Task: Of the lines below, write out exactly those from the line with "by left; apply/seteqP;" through the line with "rewrite (iid_samples_bigcap iidX mA).", both included, and skip the rest.

Dataset records:
(* Let $X$ be a scalar random variable with samples $x$ and distribution $\pi$. Let $f:\mathbb{R}\to\mathbb{R}$ and let $Y = f(X)$, a scalar random variable with samples $y = f(x)$ and distribution $\pi_Y$, have an upper bound $u_b \in \mathbb{R}$ such that $\mathbb{P}_{\pi_Y}[Y \leq u_b] = 1$. Let $x_1,\dots,x_N$ be $N$ independent samples of $X$, set $y_k = f(x_k)$, and let $\zeta^*_N$ be the solution of $\min_{\zeta\in\mathbb{R}} \zeta$ subject to $\zeta \ge y_i$ for all $i = 1,\dots,N$ (i.e. $\zeta^*_N = \max_k f(x_k)$). Then for every $\epsilon\in[0,1]$, \[ \mathbb{P}^N_{\pi}\left[\mathbb{E}_{\pi}[f(X)] \leq \zeta^*_N(1-\epsilon) + u_b\epsilon\right] \geq 1-(1-\epsilon)^N. \]
   Context: $\mathbb{P}^N_{\pi}$ denotes the $N$-fold product probability measure governing the i.i.d. sample $(x_1,\dots,x_N)$ drawn from $\pi$. *)

From HB Require Import structures.
From mathcomp Require Import all_boot all_order all_algebra.
From mathcomp Require Import all_classical all_reals all_analysis.
Set Implicit Arguments. Unset Strict Implicit. Unset Printing Implicit Defensive.
Import Order.TTheory GRing.Theory Num.Theory.
Local Open Scope classical_set_scope.
Local Open Scope ring_scope.

Definition iid_samples (d : measure_display) (Omega : measurableType d)
  (R : realType) (P : probability Omega R) (pi : probability R R)
  (N : nat) (X : nat -> Omega -> R) : Prop :=
  (forall i, (i < N)%N -> measurable_fun setT (X i)) /\
  (forall A : nat -> set R, (forall i, (i < N)%N -> measurable (A i)) ->
     P (\bigcap_(i in `I_N) (X i @^-1` A i)) = (\prod_(i < N) pi (A i))%E).

(* zeta*_N = max_{k < N} y_k, the solution of min zeta s.t. zeta >= y_k
   (meaningful for N >= 1). *)
Definition zeta_star (R : realType) (N : nat) (y : nat -> R) : R :=
  \big[Num.max/y 0%N]_(k < N) y k.

From HB Require Import structures.
From mathcomp Require Import all_boot all_order all_algebra.
From mathcomp Require Import all_classical all_reals all_analysis.
From mathcomp Require Import measurable_realfun lra.
Import Order.TTheory GRing.Theory Num.Theory.
Local Open Scope classical_set_scope.
Local Open Scope ring_scope.

(* Put t := (E f - ub eps) / (1 - eps), so that the event of the theorem is
   {t <= zeta*_N}, whose complement {f x_k < t for all k} has probability
   pi(f < t)^N.  As f <= ub a.s., comparing f with s on {f <= s} and with ub
   elsewhere gives the reverse Markov bound E f <= ub - (ub - s) pi(f <= s);
   for s < t this forces pi(f <= s) <= 1 - eps, and letting s increase to t
   gives pi(f < t) <= 1 - eps.  When eps = 1 or E f = -oo the event is sure. *)

Section sublevel.
Context {d} {T : measurableType d} {R : realType} {f : T -> R}.
Hypothesis mf : measurable_fun setT f.

Lemma measurable_sublevel_le (s : R) : measurable [set x | f x <= s].
Proof. by rewrite -preimage_itvNyc -[_ @^-1` _]setTI; exact: mf. Qed.

Lemma measurable_sublevel_lt (s : R) : measurable [set x | f x < s].
Proof. by rewrite -preimage_itvNyo -[_ @^-1` _]setTI; exact: mf. Qed.

Lemma measure_sublevel_lt_le (mu : {measure set T -> \bar R}) (t : R)
    (c : \bar R) :
  (forall s, s < t -> (mu [set x | (f x <= s)%R] <= c)%E) ->
  (mu [set x | (f x < t)%R] <= c)%E.
Proof.
move=> mu_le_c; pose F n := [set x | f x <= t - n.+1%:R^-1].
have UF : \bigcup_n F n = [set x | f x < t].
  apply/seteqP; split => x /=.
  - by move=> [n _]; rewrite /F /= => /le_lt_trans; apply; rewrite ltrBlDr ltrDl.
  - by move/ltr_add_invr => [n] /ltW; exists n => //; rewrite /F /= lerBrDr.
have F_nd : nondecreasing_seq F.
  move=> m n mn; apply/subsetPset => x /= /le_trans; apply.
  by rewrite lerD2l lerN2 lef_pV2 ?posrE ?ltr0Sn// ler_nat ltnS.
have mF n : measurable (F n) by exact: measurable_sublevel_le.
have mUF : measurable (\bigcup_n F n) by rewrite UF; exact: measurable_sublevel_lt.
have cvgF := @nondecreasing_cvg_mu _ _ _ mu F mF mUF F_nd.
rewrite -UF -(cvg_lim _ cvgF)//; apply: lime_le; first exact: cvgP cvgF.
by apply: nearW => n; apply: mu_le_c; rewrite ltrBlDr ltrDl.
Qed.

End sublevel.

Lemma ae_le_integral {d} {T : measurableType d} {R : realType}
    (mu : {measure set T -> \bar R}) (f g : T -> \bar R) :
  measurable_fun setT f -> measurable_fun setT g ->
  {ae mu, forall x, (f x <= g x)%E} ->
  (\int[mu]_x f x <= \int[mu]_x g x)%E.
Proof.
move=> mf mg fg; rewrite integralE [leRHS]integralE leeB//.
- apply: ae_ge0_le_integral => //; [exact: measurable_funepos..|].
  apply: filterS fg => x fgx _.
  by apply: (@funepos_le _ _ [set x]) => //; [move=> y /[!inE] -> | rewrite inE].
- apply: ae_ge0_le_integral => //; [exact: measurable_funeneg..|].
  apply: filterS fg => x fgx _.
  by apply: (@funeneg_le _ _ [set x]) => //; [move=> y /[!inE] -> | rewrite inE].
Qed.

Section reverse_markov.
Context {d} {T : measurableType d} {R : realType} (pi : probability T R).
Local Open Scope ereal_scope.

Lemma ae_of_probability_eq1 {A : set T} :
  measurable A -> pi A = 1 -> {ae pi, forall x, A x}.
Proof.
move=> mA piA; exists (~` A); split => //; first exact: measurableC.
by rewrite probability_setC// piA subee.
Qed.

Lemma integral_cst_add_indic (A : set T) (a b : R) : measurable A ->
  \int[pi]_x (a + b * \1_A x)%:E = (a + b * fine (pi A))%:E.
Proof.
move=> mA; under eq_integral do rewrite EFinD EFinM.
rewrite integralD//; first last.
- by apply: integrableZl => //; exact: integrable_indic.
- exact: finite_measure_integrable_cst.
rewrite integralZl//; last exact: integrable_indic.
rewrite integral_indic// setIT integral_cst//.
have -> : (pi : measure T R) [set: T] = 1 := probability_setT pi.
by rewrite mule1 EFinD EFinM fineK ?fin_num_measure.
Qed.

Context {f : T -> R} {ub : R}.
Hypotheses (mf : measurable_fun setT f) (f_le_ub : {ae pi, forall x, f x <= ub}%R).

Lemma integral_le_sublevel (s : R) :
  \int[pi]_x (f x)%:E <= (ub + (s - ub) * fine (pi [set x | f x <= s]))%:E.
Proof.
rewrite -integral_cst_add_indic; last exact: measurable_sublevel_le.
apply: ae_le_integral.
- exact/measurable_EFinP.
- apply/measurable_EFinP; apply: measurable_funD => //; apply: measurable_funM => //.
  exact/measurable_indic/measurable_sublevel_le.
apply: filterS f_le_ub => x fx_le_ub; rewrite lee_fin indicE.
have [fx_le_s|fx_gt_s] := pselect (f x <= s)%R.
  by rewrite mem_set// mulr1 addrCA subrr addr0.
by rewrite memNset// mulr0 addr0.
Qed.

Lemma integral_le_ub : \int[pi]_x (f x)%:E <= ub%:E.
Proof. by have := integral_le_sublevel ub; rewrite subrr mul0r addr0. Qed.

Lemma probability_lt_le_of_integral_ge (t eps : R) : (eps < 1)%R ->
  (t * (1 - eps) + ub * eps)%:E <= \int[pi]_x (f x)%:E ->
  pi [set x | (f x < t)%R] <= (1 - eps)%:E.
Proof.
move=> eps_lt1 Ef_ge; apply: measure_sublevel_lt_le => // s s_lt_t.
have mA := measurable_sublevel_le mf s.
rewrite -[leLHS]fineK ?fin_num_measure// lee_fin.
have := le_trans Ef_ge integral_le_ub; rewrite lee_fin => Ef_le_ub.
have := le_trans Ef_ge (integral_le_sublevel s); rewrite lee_fin.
move: (fine _) => q Ef_le.
have t_le_ub : (t <= ub)%R by nra.
nra.
Qed.

End reverse_markov.

Lemma iid_samples_bigcap {d : measure_display} {Omega : measurableType d}
    {R : realType} {P : probability Omega R} {mu : probability R R}
    {N : nat} {X : nat -> Omega -> R} {A : set R} :
  iid_samples P mu N X -> measurable A ->
  P (\bigcap_(i in `I_N) X i @^-1` A) = (fine (mu A) ^+ N)%:E.
Proof.
move=> [_ Pprod] mA; rewrite Pprod// -[mu A]fineK ?fin_num_measure//.
by rewrite prodEFin prodr_const card_ord.
Qed.

Lemma measurable_iid_bigcap {d : measure_display} {Omega : measurableType d}
    {R : realType} {P : probability Omega R} {mu : probability R R}
    {N : nat} {X : nat -> Omega -> R} {A : set R} :
  iid_samples P mu N X -> measurable A ->
  measurable (\bigcap_(i in `I_N) X i @^-1` A).
Proof.
move=> [mX _] mA; apply: fin_bigcap_measurable => [|i /= iN].
  exact: finite_II.
by rewrite -[_ @^-1` _]setTI; exact: mX.
Qed.

Lemma zeta_star_lt {R : realType} {N : nat} {y : nat -> R} {t : R} :
  (0 < N)%N -> zeta_star N y < t <-> (forall k, (k < N)%N -> y k < t).
Proof.
move=> N_gt0; rewrite /zeta_star; split.
- by move/bigmax_ltP => [_ y_lt] k kN; exact: (y_lt (Ordinal kN)).
- by move=> y_lt; apply/bigmax_ltP; split => [|k _]; exact: y_lt.
Qed.

Theorem corollary1 (R : realType) (pi : probability R R) (f : R -> R)
  (ub : R) (d : measure_display) (Omega : measurableType d)
  (P : probability Omega R) (N : nat) (X : nat -> Omega -> R)
  (eps : R) :
  measurable_fun setT f ->
  pi [set x | f x <= ub] = 1%E ->
  (0 < N)%N ->
  iid_samples P pi N X ->
  0 <= eps <= 1 ->
  ((1 - (1 - eps) ^+ N)%:E <=
   P [set w | (\int[pi]_x (f x)%:E <=
               (zeta_star N (fun k => f (X k w)) * (1 - eps) + ub * eps)%:E)%E])%E.
Proof.
move=> mf pi_f_le_ub N_gt0 iidX /andP[_ eps_le1].
have f_le_ub := ae_of_probability_eq1 pi (measurable_sublevel_le mf ub) pi_f_le_ub.
have Ef_le_ub := integral_le_ub pi mf f_le_ub.
set E := [set w | _].
have E_cases : E = setT \/ exists2 t : R, eps < 1 &
    (\int[pi]_x (f x)%:E = (t * (1 - eps) + ub * eps)%:E)%E.
  move: Ef_le_ub; case Ef: (\int[pi]_x _)%E => [r| |]// Ef_le_ub; last first.
    by left; apply/seteqP; split => // w _; rewrite /E /= Ef leNye.
  have [eps1|eps_neq1] := eqVneq eps 1.
    left; apply/seteqP; split => // w _.
    by rewrite /E /= Ef eps1 subrr mulr0 add0r mulr1.
  right; exists ((r - ub * eps) / (1 - eps)); first by rewrite lt_neqAle eps_neq1.
  by rewrite divfK ?subrK// subr_eq0 eq_sym.
case: E_cases => [->|[t eps_lt1 Ef]].
  by rewrite probability_setT lee_fin gerBl// exprn_ge0// subr_ge0.
have eps_gt0 : 0 < 1 - eps by rewrite subr_gt0.
have mA := measurable_sublevel_lt mf t.
have -> : E = ~` \bigcap_(i in `I_N) X i @^-1` [set x | f x < t].
  rewrite predeqE => w; rewrite /E /= Ef lee_fin lerD2r ler_pM2r// leNgt.
  split => [/negP zeta_ge all_lt|not_all_lt]; first exact/zeta_ge/zeta_star_lt.
  by apply/negP => /zeta_star_lt-/(_ N_gt0); exact: not_all_lt.
have pi_lt_le : (pi [set x | (f x < t)%R] <= (1 - eps)%:E)%E.
  by apply: (probability_lt_le_of_integral_ge pi mf f_le_ub t eps eps_lt1); rewrite Ef.
rewrite probability_setC; last exact: measurable_iid_bigcap iidX mA.
rewrite (iid_samples_bigcap iidX mA).
rewrite -EFinB lee_fin lerB// lerXn2r ?nnegrE ?fine_ge0 ?measure_ge0 ?subr_ge0//.
by rewrite -lee_fin fineK ?fin_num_measure.
Qed.
Theorem mainTheorem4 (n : nat) (a : abE n -> abE n)
  (Hab : is_ab_structure a) (Hreg : is_regular a)
  (F : nat -> abE n -> Prop) (lam : nat -> C)
  (HJH : is_JH a F)
  (Hq : forall i, (0 < i <= n)%N -> quot_iso_E a (F i.-1) (F i) (lam i))
  (j : nat) (Hj : (0 < j)%N) (Hjn : (j < n)%N)
  (Hnc : ~ congZ (lam j.+1) (lam j)) :
  exists (F'j : abE n -> Prop) (lj lj1 : C),
    [/\ is_JH a (fun i => if i == j then F'j else F i),
        exists x, ~ (F'j x <-> F j x),
        quot_iso_E a (F j.-1) F'j lj,
        quot_iso_E a F'j (F j.+1) lj1 &
        congZ (lam j) lj1 /\ congZ (lam j.+1) lj].
Proof.
case: j Hj Hjn Hnc => [|m] // _ Hmn Hnc.
by apply: JH_swap => //; apply: Hq; [exact: ltnW Hmn | exact: Hmn].
Qed.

Worked solution:
    by left; apply/seteqP; split => // w _; rewrite /E /= Ef leNye.
  have [eps1|eps_neq1] := eqVneq eps 1.
    left; apply/seteqP; split => // w _.
    by rewrite /E /= Ef eps1 subrr mulr0 add0r mulr1.
  right; exists ((r - ub * eps) / (1 - eps)); first by rewrite lt_neqAle eps_neq1.
  by rewrite divfK ?subrK// subr_eq0 eq_sym.
case: E_cases => [->|[t eps_lt1 Ef]].
  by rewrite probability_setT lee_fin gerBl// exprn_ge0// subr_ge0.
have eps_gt0 : 0 < 1 - eps by rewrite subr_gt0.
have mA := measurable_sublevel_lt mf t.
have -> : E = ~` \bigcap_(i in `I_N) X i @^-1` [set x | f x < t].
  rewrite predeqE => w; rewrite /E /= Ef lee_fin lerD2r ler_pM2r// leNgt.
  split => [/negP zeta_ge all_lt|not_all_lt]; first exact/zeta_ge/zeta_star_lt.
  by apply/negP => /zeta_star_lt-/(_ N_gt0); exact: not_all_lt.
have pi_lt_le : (pi [set x | (f x < t)%R] <= (1 - eps)%:E)%E.
  by apply: (probability_lt_le_of_integral_ge pi mf f_le_ub t eps eps_lt1); rewrite Ef.
rewrite probability_setC; last exact: measurable_iid_bigcap iidX mA.
rewrite (iid_samples_bigcap iidX mA).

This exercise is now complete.